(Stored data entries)
(* Let $A=(a_{ij})_{i,j=1}^n$ be a (row) stochastic matrix, i.e. $a_{ij}\ge 0$ and $\sum_{j=1}^n a_{ij}=1$ for every $i$. Then \[ \operatorname{Per}(A)\ \le\ 2^n\cdot\prod_{i,j=1}^n (1-a_{ij})^{1-a_{ij}}. \]
   Context: $\operatorname{Per}(A)=\sum_{\sigma\in S_n}\prod_{i=1}^n a_{i\sigma(i)}$ is the permanent. Convention: $0^0=1$. *)

From Stdlib Require Import Reals.
From mathcomp Require Import all_boot all_fingroup.
Set Implicit Arguments.
Unset Strict Implicit.

Definition Rsum {T : Type} (s : seq T) (F : T -> R) : R :=
  foldr Rplus R0 (map F s).
Definition Rprod {T : Type} (s : seq T) (F : T -> R) : R :=
  foldr Rmult R1 (map F s).

(* t^t with the convention 0^0 = 1 (only used for t >= 0) *)
Definition selfpow (t : R) : R :=
  if Req_EM_T t R0 then R1 else Rpower t t.

Definition Per (n : nat) (A : 'I_n -> 'I_n -> R) : R :=
  Rsum (enum 'S_n) (fun s : 'S_n => Rprod (enum 'I_n) (fun i => A i (s i))).

Definition row_stochastic (n : nat) (A : 'I_n -> 'I_n -> R) : Prop :=
  (forall i j, Rle R0 (A i j)) /\
  (forall i, Rsum (enum 'I_n) (fun j => A i j) = R1).

From Stdlib Require Import Reals.
From mathcomp Require Import all_boot all_order all_fingroup all_algebra.
From mathcomp Require Import Rstruct ring lra.
Import Order.TTheory GRing.Theory Num.Theory.

Set Implicit Arguments.
Unset Strict Implicit.
Unset Printing Implicit Defensive.

(* Induct on a stronger statement: if A >= 0 and every entry of row i is at
   most M i, then Per A <= prod_i c_i with c_i = (r_i + M_i) / 2, r_i the i-th
   row sum.  Put x_lk = A_lk / (r_l + M_l) <= 1/2.  Expanding along row i and
   using the induction hypothesis on the minors bounds Per A by
   (prod_{l <> i} c_l) * S_i, where S_i = sum_k A_ik prod_{l <> i} (1 - x_lk).
   Now sum_i S_i / c_i = 2 sum_k P(exactly one success among independent
   trials with probabilities x_lk) <= n, so S_i <= c_i for some row i.
   For a stochastic row with entries a_k, taking M_i = a_j the largest entry,
   (1 + a_j) / 2 <= 2 prod_k (1 - a_k)^(1 - a_k) follows from
   u^u >= e^(u - 1) for the entries k <> j and u^u e^(-u) >= (2 - u) / 4 at
   u = 1 - a_j. *)

Local Open Scope ring_scope.

Section LiftPerm.
Variables (T : Type) (idx : T) (op : Monoid.com_law idx).

Lemma big_lift_perm n (i0 j0 : 'I_n.+1) (F : 'S_n.+1 -> T) :
  \big[op/idx]_(s : 'S_n.+1 | s i0 == j0) F s
    = \big[op/idx]_(t : 'S_n) F (lift_perm i0 j0 t).
Proof.
rewrite (reindex (lift_perm i0 j0)); last first.
  pose ulsf i (s : 'S_n.+1) k := odflt k (unlift (s i) (s (lift i k))).
  have ulsfK i (s : 'S_n.+1) k : lift (s i) (ulsf i s k) = s (lift i k).
    rewrite /ulsf; have := neq_lift i k.
    by rewrite -(can_eq (permK s)) => /unlift_some[] ? ? ->.
  have inj_ulsf : injective (ulsf i0 _).
    move=> s; apply: can_inj (ulsf (s i0) s^-1%g) _ => k'.
    by rewrite {1}/ulsf ulsfK !permK liftK.
  exists (fun s => perm (inj_ulsf s)) => [s _ | s].
    by apply/permP=> k'; rewrite permE /ulsf lift_perm_lift lift_perm_id liftK.
  move/(s _ =P _) => si0; apply/permP=> k.
  case: (unliftP i0 k) => [k'|] ->; rewrite ?lift_perm_id //.
  by rewrite lift_perm_lift -si0 permE ulsfK.
by apply: eq_bigl => t; rewrite lift_perm_id eqxx.
Qed.

Lemma big_neq_lift n (i : 'I_n.+1) (F : 'I_n.+1 -> T) :
  \big[op/idx]_(l | l != i) F l = \big[op/idx]_(l' < n) F (lift i l').
Proof.
rewrite big_mkcond (bigD1_ord i) //= eqxx Monoid.mul1m.
by apply: eq_bigr => l' _; rewrite eq_sym neq_lift.
Qed.

End LiftPerm.

Section Permanent.
Variable R : comPzSemiRingType.

Definition permanent n (A : 'M[R]_n) : R := \sum_(s : 'S_n) \prod_i A i (s i).

Lemma permanent0 (A : 'M[R]_0) : permanent A = 1.
Proof.
rewrite /permanent (eq_bigr (fun=> 1)) => [|s _]; last by rewrite big_ord0.
by rewrite sumr_const card_Sn.
Qed.

Lemma expand_permanent_row n (A : 'M[R]_n.+1) i0 :
  permanent A = \sum_j A i0 j * permanent (row' i0 (col' j A)).
Proof.
rewrite /permanent (partition_big (fun s : 'S_n.+1 => s i0) xpredT) //=.
apply: eq_bigr => j0 _; rewrite big_lift_perm big_distrr /=.
apply: eq_bigr => t _; rewrite (bigD1_ord i0) //= lift_perm_id; congr (_ * _).
by apply: eq_bigr => k _; rewrite lift_perm_lift !mxE.
Qed.

End Permanent.

Section RealField.
Variable R : realFieldType.

(* For independent trials with success probabilities [y l], the two quantities
   are the probabilities of no success and of exactly one success. *)
Lemma exactly_one_bounds (I : eqType) (r : seq I) (y : I -> R) :
  uniq r -> (forall i, 0 <= y i <= 1 / 2) ->
  [/\ 0 <= \prod_(l <- r) (1 - y l),
      0 <= \sum_(i <- r) y i * \prod_(l <- r | l != i) (1 - y l),
      \prod_(l <- r) (1 - y l)
        + \sum_(i <- r) y i * \prod_(l <- r | l != i) (1 - y l) <= 1
    & \sum_(i <- r) y i * \prod_(l <- r | l != i) (1 - y l) <= 1 / 2].
Proof.
move=> + y_bnd; elim: r => [|a r IHr] /=; first by rewrite !big_nil; split; lra.
case/andP=> a_notin_r /IHr[p0_ge0 p1_ge0 p01_le1 p1_le]; rewrite !big_cons eqxx /=.
have -> : \prod_(l <- r | l != a) (1 - y l) = \prod_(l <- r) (1 - y l).
  rewrite big_seq_cond [RHS]big_seq; apply: eq_bigl => l.
  by rewrite andb_idr // => l_r; apply: contraNneq a_notin_r => <-.
have -> : \sum_(i <- r) y i * \prod_(l <- a :: r | l != i) (1 - y l)
        = (1 - y a) * \sum_(i <- r) y i * \prod_(l <- r | l != i) (1 - y l).
  rewrite big_distrr /= [LHS]big_seq [RHS]big_seq; apply: eq_bigr => i i_r.
  rewrite big_cons; case: eqVneq i_r a_notin_r => [-> -> //|_ _ _].
  by rewrite mulrCA.
move: (y_bnd a) p0_ge0 p1_ge0 p01_le1 p1_le => /andP[ya_ge0 ya_le].
set p0 := \prod_(l <- r) _; set p1 := \sum_(i <- r) _.
by split; nra.
Qed.

Lemma sum_exactly_one_le_half (I : finType) (y : I -> R) :
  (forall i, 0 <= y i <= 1 / 2) ->
  \sum_i y i * \prod_(l | l != i) (1 - y l) <= 1 / 2.
Proof. by move=> y_bnd; case: (exactly_one_bounds (index_enum_uniq I) y_bnd). Qed.

Lemma exists_le_of_sum_div_le (I : finType) (i0 : I) (S c : I -> R) :
  (forall i, 0 < c i) -> \sum_i S i / c i <= #|I|%:R -> exists i, S i <= c i.
Proof.
move=> c_gt0 sum_le; apply/existsP; apply: contraLR sum_le => /existsPn S_gt.
rewrite -ltNge -sum1_card natr_sum; apply: ltr_sum => [|i _].
  by apply/hasP; exists i0; rewrite ?mem_index_enum ?inE.
by rewrite ltr_pdivlMr // mul1r ltNge S_gt.
Qed.

Lemma exists_row_expansion_le n (A : 'M[R]_n.+1) (M : 'I_n.+1 -> R) :
  (forall i k, 0 <= A i k) -> (forall i k, A i k <= M i) ->
  (forall i, 0 < \sum_k A i k) ->
  exists i, \sum_k A i k * \prod_(l | l != i) (1 - A l k / (\sum_k' A l k' + M l))
              <= (\sum_k A i k + M i) / 2.
Proof.
move=> A_ge0 A_le_M s_gt0.
have d_gt0 l : 0 < \sum_k A l k + M l.
  by have := A_ge0 l l; have := A_le_M l l; have := s_gt0 l; lra.
have A_le_s l k : A l k <= \sum_k' A l k' by rewrite (bigD1 k) //= lerDl sumr_ge0.
pose x l k := A l k / (\sum_k' A l k' + M l).
have x_bnd l k : 0 <= x l k <= 1 / 2.
  rewrite divr_ge0 ?ler_pdivrMr ?(ltW (d_gt0 l)) //=.
  by have := A_le_s l k; have := A_le_M l k; lra.
apply: (exists_le_of_sum_div_le ord0) => [i|]; first by have := d_gt0 i; lra.
have ratio i :
    (\sum_k A i k * \prod_(l | l != i) (1 - x l k)) / ((\sum_k A i k + M i) / 2)
      = \sum_k 2 * (x i k * \prod_(l | l != i) (1 - x l k)).
  by rewrite mulr_suml; apply: eq_bigr => k _; rewrite /x; field; rewrite gt_eqF.
rewrite (eq_bigr _ (fun i _ => ratio i)) exchange_big /= -sum1_card natr_sum.
apply: ler_sum => k _.
by rewrite -mulr_sumr; have := sum_exactly_one_le_half (x_bnd ^~ k); lra.
Qed.

Lemma permanent_le_prod_avg n (A : 'M[R]_n) (M : 'I_n -> R) :
  (forall i k, 0 <= A i k) -> (forall i k, A i k <= M i) ->
  permanent A <= \prod_i ((\sum_k A i k + M i) / 2).
Proof.
elim: n A M => [|n IHn] A M A_ge0 A_le_M; first by rewrite permanent0 big_ord0.
have s_ge0 i : 0 <= \sum_k A i k by apply: sumr_ge0.
have c_ge0 i : 0 <= (\sum_k A i k + M i) / 2.
  by have := s_ge0 i; have := A_ge0 i i; have := A_le_M i i; lra.
have [/existsP[i /eqP s0] | /existsPn s_neq0] := boolP [exists i, \sum_k A i k == 0].
  rewrite (expand_permanent_row A i) big1 ?prodr_ge0 // => k _.
  by rewrite (psumr_eq0P (P := xpredT) (fun k _ => A_ge0 i k) s0) ?mul0r.
have s_gt0 i : 0 < \sum_k A i k by rewrite lt0r s_neq0 s_ge0.
have [i Si] := exists_row_expansion_le A_ge0 A_le_M s_gt0.
rewrite (expand_permanent_row A i) [X in _ <= X](bigD1 i) //= [X in _ <= X]mulrC.
set c := fun l => (\sum_k A l k + M l) / 2.
set x := fun l k => A l k / (\sum_k' A l k' + M l).
have minor_le k :
    permanent (row' i (col' k A)) <= \prod_(l | l != i) (c l * (1 - x l k)).
  apply: le_trans (IHn _ (fun l' => M (lift i l')) _ _) _ => [a b|a b|]; rewrite ?mxE //.
  rewrite big_neq_lift le_eqVlt; apply/orP; left; apply/eqP/eq_bigr => l' _.
  set l := lift i l'.
  have d_gt0 : 0 < \sum_k A l k + M l.
    by have := s_gt0 l; have := A_ge0 l k; have := A_le_M l k; lra.
  have sE : \sum_k0 A l k0 = A l k + \sum_k' A l (lift k k') by rewrite (bigD1_ord k).
  under eq_bigr do rewrite !mxE.
  by rewrite /c /x sE in d_gt0 *; field; rewrite gt_eqF.
apply: le_trans (_ : \sum_k A i k * \prod_(l | l != i) (c l * (1 - x l k)) <= _).
  by apply: ler_sum => k _; apply: ler_wpM2l.
have -> : \sum_k A i k * \prod_(l | l != i) (c l * (1 - x l k))
    = \prod_(l | l != i) c l * \sum_k A i k * \prod_(l | l != i) (1 - x l k).
  by rewrite big_distrr; apply: eq_bigr => k _; rewrite big_split mulrCA.
by apply: ler_wpM2l; [apply: prodr_ge0 => l _; exact: c_ge0 | exact: Si].
Qed.

End RealField.

(* The argument scopes of [exp], [ln] and [selfpow] make terms written inside
   them use the Stdlib operations, convertible but not syntactically equal to
   the ring ones. *)
Local Definition RstdE :=
  (RplusE, RminusE, RmultE, RoppE, RdivE, RinvE, R0E, R1E).

Lemma ln_le_subr1 {v} : 0 < v -> ln v <= v - 1.
Proof.
move=> /RltP v_gt0; have /RleP := exp_ineq1_le (ln v).
by rewrite exp_ln // RplusE R1E; lra.
Qed.

Lemma subr1_le_mul_ln {u} : 0 < u -> u - 1 <= u * ln u.
Proof.
move=> u_gt0; have := @ln_le_subr1 u^-1; rewrite invr_gt0 => /(_ u_gt0).
rewrite -RinvE ln_Rinv; last exact/RltP.
rewrite RoppE RinvE => h.
have := ler_wpM2l (ltW u_gt0) h.
by rewrite mulrBr mulfV ?gt_eqF // mulr1 mulrN; lra.
Qed.

Lemma selfpowE t : 0 < t -> selfpow t = exp (t * ln t).
Proof.
move=> t_gt0; rewrite /selfpow; case: Req_dec_T => // t0.
by rewrite t0 ltxx in t_gt0.
Qed.

Lemma selfpow0 : selfpow 0 = 1.
Proof. by rewrite /selfpow; case: Req_dec_T. Qed.

Lemma selfpow_ge0 t : 0 <= selfpow t.
Proof.
rewrite /selfpow; case: Req_dec_T => _ /=; first exact: ler01.
exact/RleP/Rlt_le/exp_pos.
Qed.

Lemma exp_le_exp {x y} : x <= y -> exp x <= exp y.
Proof.
rewrite le_eqVlt => /predU1P[-> // | /RltP/exp_increasing/RltP]; exact: ltW.
Qed.

Lemma expN_le_selfpow_subr a : 0 <= a <= 1 -> exp (- a) <= selfpow (1 - a).
Proof.
move=> /andP[a_ge0 a_le1]; have [a1|a_lt1] := eqVneq a 1.
  rewrite a1 !RstdE subrr selfpow0 -[X in _ <= X]expR0.
  by apply: exp_le_exp; rewrite R0E; lra.
have u_gt0 : 0 < 1 - a by rewrite subr_gt0 lt_neqAle a_lt1.
rewrite selfpowE //; apply: exp_le_exp.
by have := subr1_le_mul_ln u_gt0; rewrite !RstdE; lra.
Qed.

Lemma ln2_gt_half : 1 / 2 < ln 2.
Proof. by have /RltP := ln_lt_2; rewrite -RinvE; lra. Qed.

Lemma selfpow_expN_ge t : 0 <= t <= 1 -> (2 - t) / 4 <= selfpow t * exp (- t).
Proof.
move=> /andP[t_ge0 t_le1]; have [->|t_neq0] := eqVneq t 0.
  by rewrite selfpow0 RoppE oppr0 expR0; lra.
have t_gt0 : 0 < t by rewrite lt_neqAle eq_sym t_neq0.
rewrite selfpowE // expRD.
have ln2 := ln2_gt_half.
have ln2t : ln (2 * t) = ln 2 + ln t.
  by rewrite ln_mult //; [exact: Rlt_0_2 | exact/RltP].
have := @subr1_le_mul_ln (2 * t); rewrite pmulr_rgt0 // ln2t => /(_ t_gt0) key.
have [a aE] : exists a, a = - t / 2 - ln 2 by eexists.
have a_le : a <= t * ln t - t by rewrite aE; nra.
have exp_a2 : exp a * 2 = exp (a + ln 2) by rewrite -expRD exp_ln //; exact: Rlt_0_2.
have := exp_ineq1_le (a + ln 2) => /RleP; rewrite !RstdE => lin.
by have := exp_le_exp a_le; lra.
Qed.

Lemma stochastic_row_selfpow_bound n (a : 'I_n -> R) j :
  (forall k, 0 <= a k) -> \sum_k a k = 1 ->
  (1 + a j) / 2 <= 2 * \prod_k selfpow (1 - a k).
Proof.
move=> a_ge0 a_sum.
have a_bnd k : 0 <= a k <= 1 by rewrite a_ge0 -a_sum (bigD1 k) //= lerDl sumr_ge0.
have rest : 1 - a j = \sum_(k | k != j) a k by rewrite -a_sum (bigD1 j) //= addrC addrK.
have others : exp (- (1 - a j)) <= \prod_(k | k != j) selfpow (1 - a k).
  rewrite !RstdE rest -sumrN.
  rewrite (big_morph _ (fun x y => esym (expRD x y)) expR0).
  apply: ler_prod => k _; rewrite expN_le_selfpow_subr // andbT.
  exact/RleP/Rlt_le/exp_pos.
have t_bnd : 0 <= 1 - a j <= 1.
  by have /andP[? ?] := a_bnd j; apply/andP; split; lra.
rewrite (bigD1 j) //=.
have := ler_wpM2l (selfpow_ge0 (1 - a j)) others.
by have := selfpow_expN_ge t_bnd; lra.
Qed.

Lemma Rsum_enum (T : finType) (F : T -> R) : Rsum (enum T) F = \sum_x F x.
Proof.
by rewrite -big_enum; elim: (enum T) => [|x s IHs]; rewrite ?big_nil // big_cons -IHs.
Qed.

Lemma Rprod_enum (T : finType) (F : T -> R) : Rprod (enum T) F = \prod_x F x.
Proof.
by rewrite -big_enum; elim: (enum T) => [|x s IHs]; rewrite ?big_nil // big_cons -IHs.
Qed.

Lemma Per_permanent n (A : 'I_n -> 'I_n -> R) :
  Per A = permanent (\matrix_(i, j) A i j).
Proof.
rewrite /Per Rsum_enum; apply: eq_bigr => s _.
by rewrite Rprod_enum; apply: eq_bigr => i _; rewrite mxE.
Qed.

Theorem theorem1p3 (n : nat) (A : 'I_n -> 'I_n -> R) :
  row_stochastic A ->
  Rle (Per A)
      (Rmult (pow (IZR 2) n)
         (Rprod (enum 'I_n)
            (fun i => Rprod (enum 'I_n) (fun j => selfpow (Rminus R1 (A i j)))))).
Proof.
case=> A_ge0 A_sum; apply/RleP.
pose B := \matrix_(i, j) A i j.
have B_ge0 i k : 0 <= B i k by rewrite mxE; apply/RleP.
have B_sum i : \sum_k B i k = 1.
  by rewrite -[RHS](A_sum i) Rsum_enum; apply: eq_bigr => k _; rewrite mxE.
pose jmax i := [arg max_(k > i) A i k]%O.
have B_le_max i k : B i k <= B i (jmax i).
  by rewrite !mxE /jmax; case: arg_maxP => // j _; apply.
rewrite Per_permanent RpowE Rprod_enum (eq_bigr _ (fun i _ => Rprod_enum _)).
apply: le_trans (permanent_le_prod_avg B_ge0 B_le_max) _.
rewrite (_ : _ ^+ n = \prod_(i < n) 2); last by rewrite prodr_const card_ord.
rewrite -big_split /=.
apply: ler_prod => i _; rewrite B_sum; apply/andP; split.
  by have := B_ge0 i i; have := B_le_max i i; lra.
have := stochastic_row_selfpow_bound (jmax i) (B_ge0 i) (B_sum i).
by under eq_bigr do rewrite mxE.
Qed.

TASK REQUIREMENTS: Only lines holding the word "Section" are wanted, so copy each of them from the records above.

RESPONSE AREA:
Section LiftPerm.
Section Permanent.
Section RealField.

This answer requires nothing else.